‘An accountability group. It’s like a self-help thing, to keep you focused on what’s important and not be distracted by temptation.’

Bloody hell. If Sam decides this is her route to true love, she’s going to need a whole drawer of vibrators to keep her from going mad. Except, knowing this lot, vibrators are probably banned as well.

5

‘So, tell me about this sudden decision to go to church,’ my younger sister Em asks with a grin as we sit down for lunch. ‘Have you two become God-botherers now?’

‘Mind your language, Emerald,’ my father warns her. ‘We didn’t raise you to be disparaging about people who see the world differently from you.’ Mum and Dad’s decision to name us both after gemstones, because we’re apparently the jewels in their crown, has been a lot easier for me than Em, who was bullied a bit at school for having a ‘posho’s’ name. Unsurprisingly, the only people to use her full name are Mum and Dad; to everyone else she’s firmly Em.

Em rolls her eyes theatrically but otherwise ignores Dad. ‘Did Jesus come to you in a vision, like St Paul on the road to Damascus?’ she asks me. ‘Are you going to become a nun?’

‘You’d make a good nun,’ Mum observes. ‘You could read all day and it’s not as if it would have a detrimental effect on your love life because you don’t have one. They’d probably even let you keep Samson.’

I’m just about to tell her what I think of that idea when I notice that Dad is looking at me quizzically. ‘What?’ I ask him.

‘Nothing,’ he replies. ‘Just trying to picture you in a habit. I reckon it would suit you. Plus, it would give me something to brag about at the golf club. My daughter, the nun.’

‘I’m not becoming a nun, OK?’ I say crossly. ‘I went because Sam asked me.’

‘Are you becoming a nun then, Sam?’ Em asks her.

‘I might as well, at this rate,’ Sam replies gloomily. ‘Although, if the people at convents are anything like the crowd this morning, they’d probably burn me at the stake rather than let me in.’

‘Why? What happened?’

‘It was like stepping back into the Victorian age, but with better music,’ Sam says despondently. ‘My plan was simple. Go to a church where there are lots of nice single men and meet Mr Right. Not exactly hard.’

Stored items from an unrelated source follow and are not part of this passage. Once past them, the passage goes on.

Definition window (A : Type) (x : biseq A) (l : nat) : seq A :=
  [seq x (Posz i - Posz l)%R | i <- iota 0 (2 * l).+1].

Definition level (A : nat -> finType) (sigma : directive A) (n : nat) (x : biseq (A n)) : Prop :=
  forall l : nat, exists (k : nat) (a : A (Nat.add k.+1 n)),
    infix (window x l) (sub sigma n k.+1 [:: a]).

Definition morphisms_nonerasing (A : nat -> finType) (sigma : directive A) : Prop :=
  forall n, nonerasing (sigma n).

Definition everywhere_growing (A : nat -> finType) (sigma : directive A) : Prop :=
  forall M : nat, exists N0 : nat, forall N : nat, N0 <= N ->
    forall a : A (Nat.add N 0), M <= size (sub sigma 0 N [:: a]).

Definition proper_morphism (A B : Type) (s : A -> seq B) : Prop :=
  exists u v : B, forall a, ohead (s a) = Some u /\ ohead (rev (s a)) = Some v.

Definition proper_directive (A : nat -> finType) (sigma : directive A) : Prop :=
  forall n, proper_morphism (sigma n).

Definition letter_onto (A B : eqType) (s : A -> seq B) : Prop :=
  forall b : B, exists a : A, b \in s a.

(* A factor phi : sigma -> tau.  phi0 : A_1 -> B_0^+, and phi m represents
   phi_{m+1} : A_{m+1} -> B_{m+1}^+. *)
Definition is_factor (A B : nat -> finType) (sigma : directive A) (tau : directive B)
  (phi0 : A 1 -> seq (B 0)) (phi : forall m, A m.+1 -> seq (B m.+1)) : Prop :=
  nonerasing phi0 /\ (forall m, nonerasing (phi m)) /\
  (forall a : A 1, phi0 a = wimg (tau 0) (phi 0 a)) /\
  (forall m (a : A m.+2), wimg (phi m) (sigma m.+1 a) = wimg (tau m.+1) (phi m.+1 a)).

Definition letter_onto_factor (A B : nat -> finType)
  (phi0 : A 1 -> seq (B 0)) (phi : forall m, A m.+1 -> seq (B m.+1)) : Prop :=
  letter_onto phi0 /\ forall m, letter_onto (phi m).

Arguments level {A} sigma n x.

(* Both inclusions rest on the commutation [phi (sigma_[p,N) u) = tau_[n,N) (phi_N u)].
   If [y] is a shift of [phi x] with [x] in the sigma-level, every window of [y]
   lies in [phi] of a window of [x], hence in [tau_[n,N) v] for some word [v] and
   [N] as large as we like.  Since [tau] is growing and proper, a short factor of
   [tau_[n,N) v] lies in the image of a single letter or in the image of the
   junction [v0 u0] of the common last and first letters of [tau_(N-1)], and that
   junction itself occurs in some [tau_[N-1,N') c].
   Conversely, as [phi_N] is letter-onto, every window of a point [y] of the
   tau-level lies in some [phi (sigma_[p,N) a)]; cutting [sigma_[p,N) a] at the
   letter whose image covers [y_0] gives an approximate preimage, correct on
   windows of radius about [l / K] with [K = max |phi b|], with a shift at most
   [K].  The alphabets being finite, a Koenig-type compactness argument turns
   these approximations into an exact preimage. *)

From Stdlib Require Import PeanoNat ClassicalEpsilon Classical.
From mathcomp Require Import all_boot all_order all_algebra zify.
Set Implicit Arguments. Unset Strict Implicit. Unset Printing Implicit Defensive.
Import Order.TTheory GRing.Theory Num.Theory.

Section WordFactors.
Variable T : eqType.
Implicit Types u v w : seq T.

Lemma prefix_leq_size u v w : prefix u w -> prefix v w -> size u <= size v -> prefix u v.
Proof. by rewrite !prefixE => /eqP eu /eqP ev le; rewrite -{1}ev take_takel // eu. Qed.

Lemma suffix_leq_size u v w : suffix u w -> suffix v w -> size u <= size v -> suffix u v.
Proof. by rewrite /suffix => su sv le; apply: prefix_leq_size su sv _; rewrite !size_rev. Qed.

Lemma infix_cat_cases w u v : infix w (u ++ v) ->
  [\/ infix w u, infix w v | exists w1 w2, [/\ w = w1 ++ w2, suffix w1 u & prefix w2 v]].
Proof.
case/infixP=> p [s e].
have eu : u = take (size u) (p ++ w ++ s) by rewrite -e take_size_cat.
have ev : v = drop (size u) (p ++ w ++ s) by rewrite -e drop_size_cat.
have [le_pw_u|lt_u_pw] := leqP (size p + size w) (size u).
  apply: Or31; apply/infixP; exists p, (take (size u - (size p + size w)) s).
  rewrite {1}eu take_cat; case: ifP => ?; first by lia.
  rewrite take_cat; case: ifP => ?; first by lia.
  by rewrite subnDA.
have [le_u_p|lt_p_u] := leqP (size u) (size p).
  apply: Or32; apply/infixP; exists (drop (size u) p), s.
  rewrite ev drop_cat; case: ifP => ? //.
  have -> : size u = size p by lia.
  by rewrite subnn drop0 drop_size.
apply: Or33; exists (take (size u - size p) w), (drop (size u - size p) w).
split; first by rewrite cat_take_drop.
  apply/suffixP; exists p; rewrite {1}eu take_cat; case: ifP => ?; first by lia.
  by rewrite take_cat; case: ifP => ? //; lia.
apply/prefixP; exists s; rewrite {1}ev drop_cat; case: ifP => ?; first by lia.
by rewrite drop_cat; case: ifP => ? //; lia.
Qed.

Lemma infix_flatten_blocks w pu pv (bs : seq (seq T)) :
  (forall b, b \in bs -> prefix pu b /\ suffix pv b) ->
  size w <= size pu -> size w <= size pv -> infix w (flatten bs) ->
  (exists2 b, b \in bs & infix w b) \/ infix w (pv ++ pu).
Proof.
move=> hbs hu hv; elim: bs hbs => [|b bs IH] /= hbs.
  by move/eqP->; right; apply: infix0s.
have [pub svb] := hbs b (mem_head _ _).
have {}hbs b' : b' \in bs -> prefix pu b' /\ suffix pv b'.
  by move=> hb'; apply: hbs; rewrite inE hb' orbT.
case/infix_cat_cases => [wb|/(IH hbs)[[b' hb' wb']|wj]|[w1 [w2 [ew sw1 pw2]]]].
- by left; exists b; rewrite ?mem_head.
- by left; exists b'; rewrite // inE hb' orbT.
- by right.
right; have {}sw1 : suffix w1 pv.
  by apply: suffix_leq_size sw1 svb _; move: hv; rewrite ew size_cat; lia.
have {}pw2 : prefix w2 pu.
  case: bs hbs pw2 {IH} => [|b' bs] hbs.
    by rewrite prefixs0 => /eqP ->; apply: prefix0s.
  have [pub' _] := hbs b' (mem_head _ _).
  move=> pw2; apply: prefix_leq_size pw2 (prefix_catl _ pub') _.
  by move: hu; rewrite ew size_cat; lia.
case/suffixP: sw1 => [x ->]; case/prefixP: pw2 => [y ->].
by apply/infixP; exists x, y; rewrite ew !catA.
Qed.
Lemma DeltaT_coring : is_coring mS oS DeltaT epsT.
Proof.
split.
- exact: rhom_bimod phiT_rhom mulT_ring.
- split=> [|s t|t s]; [exact: DeltaT_additive | exact: DeltaT_mulTl | exact: DeltaT_mulTr].
- split=> [|s t|t s]; [exact: epsT_additive | exact: epsTl | exact: epsTr].
- exact: DeltaT_coassoc.
- exact: DeltaT_counit.
Qed.

Lemma level_spec_next : @level_spec A C la ra S T mS oS mulT oneT phiT (fun a => ph (th a))
  raS (tract ra) DeltaT epsT jT id.
Proof.
split=> //.
- exact: mulT_ring.
- exact: phiT_rhom.
- exact: rhom_comp (level_base_rhom L) (level_rhom L).
- exact: tract_phiT.
- exact: DeltaT_coring.
- exact: DeltaT_mulTl.
- exact: DeltaT_mulTr.
- exact: jT_additive.
- exact: jTl.
- exact: jTr.
- exact: tlift_phiT_jT.
- exact: phiT_jT.
Qed.

End NextLevel.

Lemma level_spec_frobenius (A : pzRingType) (C : zmodType) (la : A -> C -> C)
  (ra : C -> A -> C) (R S : zmodType) (mR : R -> R -> R) (oR : R) (mS : S -> S -> S) (oS : S)
  (ph : R -> S) (th : A -> R) (raR : R -> A -> R) (raS : S -> A -> S)
  (DS : S -> tensor (fun s r => mS s (ph r)) (fun r s => mS (ph r) s)) (eS : S -> R)
  (j : C -> S) (dec : S -> tensor raR la) :
  @level_spec A C la ra R S mR oR mS oS ph th raR raS DS eS j dec ->
  frobenius_extension mR oR mS oS ph /\ frobenius_coring mR oR DS eS.
Proof.
case=> _ Sring ph_rhom _ _ _ Scor DSMl DSMr _ _ _ _ _ _.
split; first exact: bilinear_coring_frobenius_extension Sring ph_rhom Scor DSMl DSMr.
exact: bilinear_coring_frobenius_coring Sring Scor DSMl DSMr.
Qed.

Lemma phiT_next_tmk (A : pzRingType) (C : zmodType) (la : A -> C -> C) (ra : C -> A -> C)
  (R S : zmodType) (mR : R -> R -> R) (oR : R) (mS : S -> S -> S) (oS : S)
  (ph : R -> S) (th : A -> R) (raR : R -> A -> R) (raS : S -> A -> S)
  (DS : S -> tensor (fun s r => mS s (ph r)) (fun r s => mS (ph r) s)) (eS : S -> R)
  (j : C -> S) (dec : S -> tensor raR la) :
  @level_spec A C la ra R S mR oR mS oS ph th raR raS DS eS j dec ->
  forall s c, phiT (tract ra) (DeltaT oS DS eS j dec) id (tmk (ra:=raS) (la:=la) s c)
              = tmk (tmkR mS ph raS dec s oS) c.
Proof.
move=> L s c; have L' := level_spec_next L.
by rewrite /phiT (DeltaT_tmk L) (tlift_tmk (tmkR_balanced L')) (tmkR_j L').
Qed.

(** * The tower of the [C^k] *)

Definition tcast (R : Type) (M N : zmodType) (ra : M -> R -> M) (la : R -> N -> N)
  (ra' : M -> R -> M) (la' : R -> N -> N) (x : tensor ra la) : tensor ra' la' := tlift tmk x.
Arguments tcast {R M N ra la} ra' la' x.

Section TensorCast.
Context (R : Type) (M N : zmodType) (ra : M -> R -> M) (la : R -> N -> N).
Variables (ra' : M -> R -> M) (la' : R -> N -> N).

Lemma tcastK : ra' = ra -> la' = la -> forall x : tensor ra la, tcast ra la (tcast ra' la' x) = x.
Proof. by move=> -> -> x; rewrite /tcast !tlift_tmk_id. Qed.

Lemma tcast_tlact : ra' = ra -> la' = la ->
  forall (S : Type) (laM : S -> M -> M) s (x : tensor ra la),
  tcast ra' la' (tlact laM s x) = tlact laM s (tcast ra' la' x).
Proof. by move=> -> -> S laM s x; rewrite /tcast !tlift_tmk_id. Qed.

Lemma tcast_tract : ra' = ra -> la' = la ->
  forall (S : Type) (raN : N -> S -> N) s (x : tensor ra la),
  tcast ra' la' (tract raN x s) = tract raN (tcast ra' la' x) s.
Proof. by move=> -> -> S raN s x; rewrite /tcast !tlift_tmk_id. Qed.

End TensorCast.

Lemma tcast_coring (R : zmodType) (mR : R -> R -> R) (oR : R) (C : zmodType)
  (la la' : R -> C -> C) (ra ra' : C -> R -> C) (Delta : C -> tensor ra la) (eps : C -> R) :
  ra' = ra -> la' = la -> is_coring mR oR Delta eps ->
  is_coring mR oR (fun c => tcast ra' la' (Delta c)) eps.
Proof.
move=> -> -> Ccor.
suff -> : (fun c => tcast ra la (Delta c)) = Delta by [].
by apply: funext => c; rewrite /tcast tlift_tmk_id.
Qed.

Section Tower.
Context (A : pzRingType) (C : zmodType) (la : A -> C -> C) (ra : C -> A -> C)
  (Delta : C -> tensor ra la) (eps : C -> A) (pi : tensor ra la -> C) (e : C).

Local Notation Cp := (Cpow la ra).

Definition Cpow_act (k : nat) : Cp k -> A -> Cp k :=
  match k return Cp k -> A -> Cp k with
  | 0 => fun r a : A => r * a
  | k'.+1 => projT2 (Cpos la ra k')
  end.

Record level (k : nat) := Level {
  lv_mulR : Cp k -> Cp k -> Cp k; lv_oneR : Cp k;
  lv_mulS : Cp k.+1 -> Cp k.+1 -> Cp k.+1; lv_oneS : Cp k.+1;
  lv_phi : Cp k -> Cp k.+1; lv_theta : A -> Cp k;
  lv_Delta : Cp k.+1 ->
    tensor (fun s r => lv_mulS s (lv_phi r)) (fun r s => lv_mulS (lv_phi r) s);
  lv_eps : Cp k.+1 -> Cp k;
  lv_j : C -> Cp k.+1;
  lv_dec : Cp k.+1 -> tensor (@Cpow_act k) la }.

Definition mulC (c c' : C) : C := pi (tmk c c').
Definition Theta (a : A) : C := la a e.

(* [Delta] with the actions of [C] over [A] induced by [Theta]; these are provably, but not
   convertibly, [ra] and [la]. *)
Definition Delta_Theta (c : C) :=
  tcast (fun s r => mulC s (Theta r)) (fun r s => mulC (Theta r) s) (Delta c).

Definition level0 : level 0 :=
  @Level 0 ( *%R) 1 mulC e Theta id Delta_Theta eps id (tmk (ra:=@Cpow_act 0) (la:=la) 1).

Definition next_level k (L : level k) : level k.+1 :=
  let raS := projT2 (Cpos la ra k) in
  @Level k.+1 (lv_mulS L) (lv_oneS L)
    (mulT (lv_mulS L) (lv_phi L) (lv_eps L) (lv_j L))
    (oneT (lv_oneS L) raS (lv_Delta L) (lv_dec L))
    (phiT raS (lv_Delta L) (lv_dec L))
    (fun a => lv_phi L (lv_theta L a))
    (DeltaT (lv_oneS L) (lv_Delta L) (lv_eps L) (lv_j L) (lv_dec L))
    (epsT (lv_mulS L) (lv_j L))
    (jT la (lv_oneS L) raS)
    id.

Fixpoint tower (k : nat) : level k :=
  if k is k'.+1 then next_level (tower k') else level0.

Definition level_ok k (L : level k) : Prop :=
  @level_spec A C la ra (Cp k) (Cp k.+1) (lv_mulR L) (lv_oneR L) (lv_mulS L) (lv_oneS L)
    (lv_phi L) (lv_theta L) (@Cpow_act k) (projT2 (Cpos la ra k)) (lv_Delta L) (lv_eps L)
    (lv_j L) (lv_dec L).

Hypotheses (Ccor : is_coring ( *%R) 1 Delta eps) (Cfs : frobenius_system Delta pi e).

Let Clmod := coring_lmod Ccor.
Let actC := coring_actC Ccor.
Let epsD := coring_eps_additive Ccor.
Let laD := coring_la_additive Ccor.
Let raD := coring_ra_additive Ccor.
Let piD := frobsys_pi_additive Cfs.

Let mulC_lA a x y : mulC (la a x) y = la a (mulC x y).
Proof. by rewrite /mulC -(tlact_tmk (laD a) (fun m s => actC a m s)) (frobsys_pil Cfs). Qed.

Let mulC_rA x y a : mulC x (ra y a) = ra (mulC x y) a.
Proof. by rewrite /mulC -(tract_tmk (raD a) (fun r n => actC r n a)) (frobsys_pir Cfs). Qed.

Lemma mulC_Thetal a c : mulC (Theta a) c = la a c.
Proof. by rewrite /Theta mulC_lA /mulC (frobsys_pi_e_c Cfs). Qed.

Lemma mulC_Thetar c a : mulC c (Theta a) = ra c a.
Proof. by rewrite /Theta (frobsys_e_central Cfs) mulC_rA /mulC (frobsys_pi_c_e Cfs). Qed.

Let raE : (fun s r => mulC s (Theta r)) = ra.
Proof. by apply: funext => s; apply: funext => r; rewrite mulC_Thetar. Qed.
Let laE : (fun r s => mulC (Theta r) s) = la.
Proof. by apply: funext => r; apply: funext => s; rewrite mulC_Thetal. Qed.

Let mulC_additive_l y : additive (mulC^~ y). Proof. by move=> a b; rewrite /mulC tmkDl piD. Qed.
Let mulC_additive_r x : additive (mulC x). Proof. by move=> a b; rewrite /mulC tmkDr piD. Qed.

Let Delta_mulCr x y : Delta (mulC x y) = tract mulC (Delta x) y.
Proof. exact: (frobsys_Delta_pil Cfs x y). Qed.
Let Delta_mulCl x y : Delta (mulC x y) = tlact mulC x (Delta y).
Proof. exact: (frobsys_Delta_pir Cfs x y). Qed.

Lemma mulC_eps_expansion x y : mulC x y = tlift (fun a b => ra a (eps (mulC b y))) (Delta x).
Proof.
rewrite -{1}(coring_counitr Ccor (mulC x y)) Delta_mulCr tlift_tract //.
exact: coring_counitr_balanced Ccor.
Qed.

Lemma mulCA : associative mulC.
Proof.
move=> c c' c''; rewrite [RHS](mulC_eps_expansion (mulC c c') c'') Delta_mulCl tlift_tlact.
  rewrite (eq_tlift (g := fun a b => mulC c (ra a (eps (mulC b c''))))); last first.
    by move=> a b; rewrite mulC_rA.
  by rewrite -(tlift_comp (mulC_additive_r c)) -mulC_eps_expansion.
apply: mk_balanced => [a x y|b x y|a r b].
- by rewrite mulC_additive_l epsD (rmod_actDr (coring_rmod Ccor)).
- by rewrite (rmod_actDl (coring_rmod Ccor)).
by rewrite mulC_lA (coring_epsl Ccor) (rmod_actA (coring_rmod Ccor)).
Qed.

Lemma mulC_ring : is_ring mulC e.
Proof.
split=> [|c|c|x y z|x y z]; first exact: mulCA.
- exact: (frobsys_pi_e_c Cfs c).
- exact: (frobsys_pi_c_e Cfs c).
- exact: (mulC_additive_l z x y).
- exact: (mulC_additive_r x y z).
Qed.

Lemma Theta_rhom : is_rhom ( *%R) 1 mulC e Theta.
Proof.
split=> [a b|a b|]; first by rewrite /Theta (lmod_actDl Clmod).
  by rewrite mulC_Thetal /Theta (lmod_actA Clmod).
exact: (lmod_act1 Clmod e).
Qed.

Lemma level0_ok : level_ok level0.
Proof.
split=> //=.
- exact: pzRing_is_ring.
- exact: mulC_ring.
- exact: Theta_rhom.
- by move=> s a; rewrite mulC_Thetar.
- exact: tcast_coring raE laE Ccor.
- by move=> s s'; rewrite /Delta_Theta Delta_mulCl (tcast_tlact raE laE).
- by move=> s s'; rewrite /Delta_Theta Delta_mulCr (tcast_tract raE laE).
- by move=> a c; rewrite mulC_Thetal.
- by move=> c a; rewrite mulC_Thetar.
- by move=> x y; rewrite tmkDr.
- move=> s; rewrite tlift_tmk ?mulC_Thetal ?(lmod_act1 Clmod) //.
  apply: mk_balanced => [r x y|c x y|r a c]; first exact: mulC_additive_r.
    by rewrite /Theta (lmod_actDl Clmod) mulC_additive_l.
  by rewrite !mulC_Thetal (lmod_actA Clmod).
- by move=> r c; rewrite mulC_Thetal -tmk_mid /= mul1r.
Qed.

Lemma tower_ok k : level_ok (tower k).
Proof. by elim: k => [|k IH]; [exact: level0_ok | exact: level_spec_next IH]. Qed.

Lemma tower_phi1 c : lv_phi (tower 1) c = Delta c.
Proof.
rewrite -[RHS](tcastK raE laE); apply: eq_tlift => x y.
exact: tmkR_j level0_ok x y.
Qed.

Lemma tower_phi2 x :
  lv_phi (tower 2) x = tlift (fun c c' => tmk (ra := tract ra) (la := la) (tmk c e) c') x.
Proof.
have phi2b : balanced ra la
    (fun c c' => tmk (ra := tract ra) (la := la) (tmk (ra:=ra) (la:=la) c e) c').
  apply: mk_balanced => [c u v|c' u v|c a c']; first exact: tmkDr.
    by rewrite !tmkDl.
  rewrite tmk_mid (frobsys_e_central Cfs) -(tract_tmk (raD a) (fun r n => actC r n a)).
  by rewrite tmk_mid.
move: x; apply: eq_additive_tensor => [||c c'].
- exact: rhom_additive (level_rhom (tower_ok 2)).
- exact: tlift_additive phi2b.
rewrite (tlift_tmk phi2b).
transitivity (tmk (ra:=tract ra) (la:=la) (tmkR mulC Theta ra (lv_dec level0) c e) c').
  exact: (phiT_next_tmk level0_ok).
by rewrite (tmkR_j level0_ok).
Qed.

End Tower.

‘Seems straightforward enough,’ Em agrees. ‘Were there lots of nice single men?’

‘Loads, but they’re kept strictly under lock and key. Get this: you’re not allowed to spend time alone with any of them unless you’re covenanted. Isn’t that the term, Ruby?’

‘Yup. You have to sign an agreement saying you’re not going to get up to any funny business and then attend a weekly group to make sure you’re not falling off the wagon.’

‘You can’t be serious.’ Em’s eyes are wide.

‘Deadly,’ Sam tells her. ‘Everyone I spoke to was totally on message, but then I talked to this one guy, in the education team, and it got a whole load worse.’

‘They all have branded polo shirts,’ I chip in. ‘We worked out in the car on the way here that the colour denotes your role. Black is welcome team, green is group coordinator or something like that, red is education and training, and blue is still a mystery. Sorry, go on, Sam.’

‘Yeah, so I was talking to Bryan, with a “y”, as he kept informing me. Before you even get to the covenanting stuff, or applying to get engaged, there are all these hoops you have to jump through. It’s even more complicated if, as he put it, you have a “sexual past”.’

‘A what?’

‘Exactly. I wanted to ask him how many twenty-eight-year-olds he knew that didn’t have a sexual past, but then I looked around the room and thought he probably knew quite a few. So, anyway, if you have this so-called “sexual past”, you have to attend and graduate from a course calledThe Mary Magdalene Institute.’

‘What the bloody hell is that? I hope that’s just for the girls, and the boys have their own course calledThe Serpent between my legs beguiled me, and I did enter her.’

‘Don’t be crude, Emerald,’ Mum scolds.

‘Nice Biblical reference though,’ I tell her.

‘Certainly better than theirs,’ Dad agrees. ‘It’s lazy theology to assume Mary Magdalene was a prostitute, which is what I suspect they’re getting at. There’s no evidence in the Bible that she was.’

‘Wasn’t she the woman caught in adultery?’ Mum asks.

‘Nope. Again, people make the association, but there’s no evidence.’

‘When did you become such a Biblical scholar?’ Em is obviously as surprised by this sudden outpouring of theology from Dad as I am.